◆ **Information supplied**

(* Let $r\ge0$ be an integer and let $(W,g)$ be a cubic space of dimension at most $\aleph_0$ with $\mathrm{rrk}(W)\le r$. Then $W$ embeds into the cubic space $V(r)$.
   Context: $k$ is algebraically closed of characteristic different from $2,3$. For $V$ with basis $\{v_i\}_{i\in I}$, the dual functionals $x_i$ are called coordinates; $P_n(V)$ is the space of formal, possibly infinite, $k$-linear combinations of degree-$n$ monomials in the $x_i$. A cubic space is $(V,f)$ with $f\in P_3(V)$; an embedding $(W,g)\to(V,f)$ is a $k$-linear map $\phi:W\to V$ with $f\circ\phi=g$. The strength of a homogeneous $h\in P_n(V)$, $n\ge1$, is the least $s$ with $h=\sum_{i=1}^s a_ib_i$, $a_i,b_i$ homogeneous of positive degree less than $n$ ($\infty$ if none). $\overline{P}_2(V)$ is $P_2(V)$ modulo the subspace of finite-strength quadratic forms; the residual rank $\mathrm{rrk}(f)\in\mathbf{N}\cup\{\infty\}$ is the dimension of the span in $\overline{P}_2(V)$ of the images of the formal partial derivatives $\partial f/\partial x_i$, and $\mathrm{rrk}(V,f)=\mathrm{rrk}(f)$. The cubic space $V(r)$ has coordinates $\{x_i\}_{1\le i\le r}\cup\{y_{i,j}\}_{1\le i\le r,\,j\ge1}\cup\{z_i\}_{i\ge1}$ and form $f_r=3\sum_{i=1}^rx_iq_i+\sum_{i\ge1}z_i^3$, where $q_i=\sum_{j\ge1}y_{i,j}^2$. *)

From HB Require Import structures.
From mathcomp Require Import all_boot all_order all_algebra.
From mathcomp Require Import finmap multiset.
Set Implicit Arguments. Unset Strict Implicit. Unset Printing Implicit Defensive.
Import Order.TTheory GRing.Theory.
Local Open Scope ring_scope.

Section Forms.
Variable k : fieldType.
Variable I : choiceType.

(* A formal (possibly infinite) k-linear combination
   of monomials is a coefficient function on monomials. *)
Definition monomial := multiset I.
Definition fseries := monomial -> k.

Definition homog (n : nat) (F : fseries) : Prop :=
  forall m : monomial, size (enum_mset m) <> n -> F m = 0.

Definition msplits (m : monomial) : seq (monomial * monomial) :=
  undup [seq (seq_mset (mask (val bs) (enum_mset m)),
              seq_mset (mask (map negb (val bs)) (enum_mset m)))
        | bs <- enum {: (size (enum_mset m)).-tuple bool}].

Definition fmul (a b : fseries) : fseries :=
  fun m => \sum_(p <- msplits m) a p.1 * b p.2.

Definition fderiv (F : fseries) (i : I) : fseries :=
  fun m => ((m i).+1)%:R * F (msetD (msetn 1 i) m).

◆ **The task**
Transcribe the material in full, exactly as it is given.

◆ **The answer**
(* Let $r\ge0$ be an integer and let $(W,g)$ be a cubic space of dimension at most $\aleph_0$ with $\mathrm{rrk}(W)\le r$. Then $W$ embeds into the cubic space $V(r)$.
   Context: $k$ is algebraically closed of characteristic different from $2,3$. For $V$ with basis $\{v_i\}_{i\in I}$, the dual functionals $x_i$ are called coordinates; $P_n(V)$ is the space of formal, possibly infinite, $k$-linear combinations of degree-$n$ monomials in the $x_i$. A cubic space is $(V,f)$ with $f\in P_3(V)$; an embedding $(W,g)\to(V,f)$ is a $k$-linear map $\phi:W\to V$ with $f\circ\phi=g$. The strength of a homogeneous $h\in P_n(V)$, $n\ge1$, is the least $s$ with $h=\sum_{i=1}^s a_ib_i$, $a_i,b_i$ homogeneous of positive degree less than $n$ ($\infty$ if none). $\overline{P}_2(V)$ is $P_2(V)$ modulo the subspace of finite-strength quadratic forms; the residual rank $\mathrm{rrk}(f)\in\mathbf{N}\cup\{\infty\}$ is the dimension of the span in $\overline{P}_2(V)$ of the images of the formal partial derivatives $\partial f/\partial x_i$, and $\mathrm{rrk}(V,f)=\mathrm{rrk}(f)$. The cubic space $V(r)$ has coordinates $\{x_i\}_{1\le i\le r}\cup\{y_{i,j}\}_{1\le i\le r,\,j\ge1}\cup\{z_i\}_{i\ge1}$ and form $f_r=3\sum_{i=1}^rx_iq_i+\sum_{i\ge1}z_i^3$, where $q_i=\sum_{j\ge1}y_{i,j}^2$. *)

From HB Require Import structures.
From mathcomp Require Import all_boot all_order all_algebra.
From mathcomp Require Import finmap multiset.
Set Implicit Arguments. Unset Strict Implicit. Unset Printing Implicit Defensive.
Import Order.TTheory GRing.Theory.
Local Open Scope ring_scope.

Section Forms.
Variable k : fieldType.
Variable I : choiceType.

(* A formal (possibly infinite) k-linear combination
   of monomials is a coefficient function on monomials. *)
Definition monomial := multiset I.
Definition fseries := monomial -> k.

Definition homog (n : nat) (F : fseries) : Prop :=
  forall m : monomial, size (enum_mset m) <> n -> F m = 0.

Definition msplits (m : monomial) : seq (monomial * monomial) :=
  undup [seq (seq_mset (mask (val bs) (enum_mset m)),
              seq_mset (mask (map negb (val bs)) (enum_mset m)))
        | bs <- enum {: (size (enum_mset m)).-tuple bool}].

Definition fmul (a b : fseries) : fseries :=
  fun m => \sum_(p <- msplits m) a p.1 * b p.2.

Definition fderiv (F : fseries) (i : I) : fseries :=
  fun m => ((m i).+1)%:R * F (msetD (msetn 1 i) m).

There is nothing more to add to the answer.